(Study material)
(* A permutation matrix between the eigenbases pairs the eigenvalues of M and
   rho along any prescribed permutation [g]. *)
Lemma mxtrace_conj_eigs_perm n (rho M : 'M[C]_n) (g : 'S_n) :
  rho \is hermsymmx -> M \is hermsymmx ->
  exists2 W, W \is unitarymx &
    \tr (rho *m (W *m M *m W^t*)) =
    \sum_(j < n) nth 0 (eigs M) (g j) * nth 0 (eigs rho) j.
Proof.
move=> hr hM.
have [sr hsr] := eigs_spectral_perm rho; have [sm hsm] := eigs_spectral_perm M.
set Pi := perm_mx (sr^-1 * g * sm) : 'M[C]_n.
set W := (spectralmx rho)^t* *m Pi *m spectralmx M.
have hP := spectral_unitarymx rho; have hQ := spectral_unitarymx M.
exists W; first by rewrite /W !mul_unitarymx ?trmxC_unitary ?perm_mx_unitary.
rewrite (mxtrace_conj_eigsE W hr hM hsr hsm) /=.
have -> : spectralmx rho *m W *m (spectralmx M)^t* = Pi.
  by rewrite /W !mulmxA (unitarymxP hP) mul1mx -mulmxA (unitarymxP hQ) mulmx1.
rewrite exchange_big /=; apply: eq_bigr => j _.
rewrite (bigD1 (g j)) //= big1 ?addr0.
  by rewrite /Pi !mxE !permM permK eqxx mulr1n rmorph1 !mulr1.
move=> i hi; rewrite /Pi !mxE !permM permK (inj_eq perm_inj) eq_sym (negbTE hi).
by rewrite mulr0n mul0r mulr0.
Qed.

Lemma capacity_ge_mxtrace_conjB n (rho M W1 W2 : 'M[C]_n) :
  rho \is hermsymmx -> M \is hermsymmx -> W1 \is unitarymx -> W2 \is unitarymx ->
  \tr (rho *m (W1 *m M *m W1^t*)) - \tr (rho *m (W2 *m M *m W2^t*))
    <= capacity rho M.
Proof.
move=> hr hM h1 h2; rewrite /capacity.
under eq_bigr => i _ do rewrite mulrBr.
by rewrite sumrB lerB ?von_neumann_trace_le ?von_neumann_trace_ge.
Qed.

Lemma capacity_mxtrace_conjB n (rho M : 'M[C]_n) :
  rho \is hermsymmx -> M \is hermsymmx ->
  exists W1 W2, [/\ W1 \is unitarymx, W2 \is unitarymx &
   capacity rho M =
   \tr (rho *m (W1 *m M *m W1^t*)) - \tr (rho *m (W2 *m M *m W2^t*))].
Proof.
move=> hr hM.
have [W1 h1 e1] := mxtrace_conj_eigs_perm 1 hr hM.
have [W2 h2 e2] := mxtrace_conj_eigs_perm (perm (@rev_ord_inj n)) hr hM.
exists W1, W2; split => //; rewrite /capacity e1 e2.
under eq_bigr => i _ do rewrite mulrBr.
rewrite sumrB; congr (_ - _); first by apply: eq_bigr => j _; rewrite perm1.
rewrite [RHS](reindex_inj rev_ord_inj) /=; apply: eq_bigr => j _.
rewrite permE rev_ordK; congr (_ * nth 0 _ _).
by rewrite /=; have := ltn_ord j; lia.
Qed.

End VonNeumann.

Section PartialTrace.
Variable R : comPzRingType.

Lemma sum_mxtens_index m n (F : 'I_(m * n) -> R) :
  \sum_k F k = \sum_(i < m) \sum_(j < n) F (mxtens_index (i, j)).
Proof.
rewrite pair_big /= (reindex (@mxtens_index m n)) /=; first by apply: eq_bigr => -[].
by exists (@mxtens_unindex m n) => k _; rewrite ?mxtens_indexK ?mxtens_unindexK.
Qed.

Lemma sum_mul_delta n (F : 'I_n -> R) b : \sum_(b' < n) F b' * (b' == b)%:R = F b.
Proof.
rewrite (bigD1 b) //= eqxx mulr1 big1 ?addr0 // => c /negbTE ->.
by rewrite mulr0.
Qed.

Lemma tensmx11 m n : (1%:M : 'M[R]_m) *t (1%:M : 'M[R]_n) = 1%:M.
Proof.
apply/matrixP => k l.
case: (mxtens_indexP k) => a b; case: (mxtens_indexP l) => a' b'.
rewrite tensmxE !mxE (inj_eq (can_inj (@mxtens_indexK m n))) xpair_eqE.
by case: (a == a'); case: (b == b'); rewrite ?mulr1 ?mulr0.
Qed.

Lemma tensmxZl m n p q a (A : 'M[R]_(m, n)) (B : 'M[R]_(p, q)) :
  (a *: A) *t B = a *: (A *t B).
Proof. by apply/matrixP => i j; rewrite !mxE mulrA. Qed.

Lemma tensmxZr m n p q a (A : 'M[R]_(m, n)) (B : 'M[R]_(p, q)) :
  A *t (a *: B) = a *: (A *t B).
Proof. by apply/matrixP => i j; rewrite !mxE mulrCA. Qed.

Lemma tensmxDl m n p q (A A' : 'M[R]_(m, n)) (B : 'M[R]_(p, q)) :
  (A + A') *t B = A *t B + A' *t B.
Proof. by apply/matrixP => i j; rewrite !mxE mulrDl. Qed.

Lemma tensmxDr m n p q (A : 'M[R]_(m, n)) (B B' : 'M[R]_(p, q)) :
  A *t (B + B') = A *t B + A *t B'.
Proof. by apply/matrixP => i j; rewrite !mxE mulrDr. Qed.

Definition ptrace_snd m n (A : 'M[R]_(m * n)) : 'M[R]_m :=
  \matrix_(i, j) \sum_(b < n) A (mxtens_index (i, b)) (mxtens_index (j, b)).

Definition ptrace_fst m n (A : 'M[R]_(m * n)) : 'M[R]_n :=
  \matrix_(i, j) \sum_(a < m) A (mxtens_index (a, i)) (mxtens_index (a, j)).
(* Let $(V,\omega)$ be a $2n$-dimensional real symplectic vector space with compatible complex structure $J$, and let $\lambda\in\mathbb R$. In the algebra $\mathcal W^{\mathrm{pol}}_\lambda\otimes\mathrm{End}(\Lambda)$, the element $A_\lambda$ satisfies \[ A_\lambda^2=Q_\lambda\otimes 1+1\otimes\lambda N, \] where $Q_\lambda$ is the polynomial $Q_\lambda(z)=\|z\|^2$ on $V^*$ and $N\in\mathrm{End}(\Lambda)$ acts on $\Lambda^kV^{1,0}$ as multiplication by $2k-n$.
   Context: $g(v,w)=\omega(v,Jw)$ is the induced inner product, used to identify $V\cong V^*$. $V^{1,0}$ is $V$ as a complex vector space ($i$ acts as $J$) with Hermitian form $h=g-i\omega$. $\Lambda=\Lambda^\bullet V^{1,0}$; for $z\in V^{1,0}$, $\varepsilon_z$ is exterior multiplication by $z$ and $\iota_z$ its adjoint (contraction), and $c(z)=\varepsilon_z+\iota_z$. $\mathcal W^{\mathrm{pol}}_\lambda$ is the algebra of complex polynomial functions on $V^*$ with the Moyal product $\#_\lambda$; viewing $v\in V$ as a linear function on $V^*$, it is generated by $V$ subject to $v\#_\lambda w=vw+\frac{i\lambda}{2}\omega(v,w)$ (equivalently, it is the complexified tensor algebra of $V$ modulo $v\otimes w-w\otimes v-i\lambda\omega(v,w)$, polynomials being identified with symmetric tensors). $A_\lambda\in \mathcal W^{\mathrm{pol}}_\lambda\otimes\mathrm{End}(\Lambda)$ is the linear function $A_\lambda(z)=c(z)$ on $V^*\cong V$; i.e. $A_\lambda=\sum_{j=1}^{2n}e_j\otimes c(e_j)$ for a $g$-orthonormal real basis $e_1,\dots,e_{2n}$ of $V$. *)

From HB Require Import structures.
From mathcomp Require Import all_boot all_order all_algebra.
From mathcomp Require Import mpoly complex.
Set Implicit Arguments. Unset Strict Implicit. Unset Printing Implicit Defensive.
Import Order.TTheory GRing.Theory Num.Theory.
Local Open Scope ring_scope.
Local Open Scope complex_scope.

Section Defs.
Variable R : rcfType.
Local Notation C := (complex R).
Variable n : nat.
Local Notation m := (n.*2).

(* V = R^(2n) as column vectors; Om = Gram matrix of omega in the standard
   basis, J = matrix of the complex structure. *)
Definition omega (Om : 'M[R]_m) (v w : 'cV[R]_m) : R :=
  \sum_(a < m) \sum_(b < m) v a 0 * Om a b * w b 0.

Definition gform (Om J : 'M[R]_m) (v w : 'cV[R]_m) : R := omega Om v (J *m w).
(End Study material)
◆ **Exercise**
The response consists of the lines above that contain "Local".

◆ **Exercise result**
Local Open Scope ring_scope.
Local Open Scope complex_scope.
Local Notation C := (complex R).
Local Notation m := (n.*2).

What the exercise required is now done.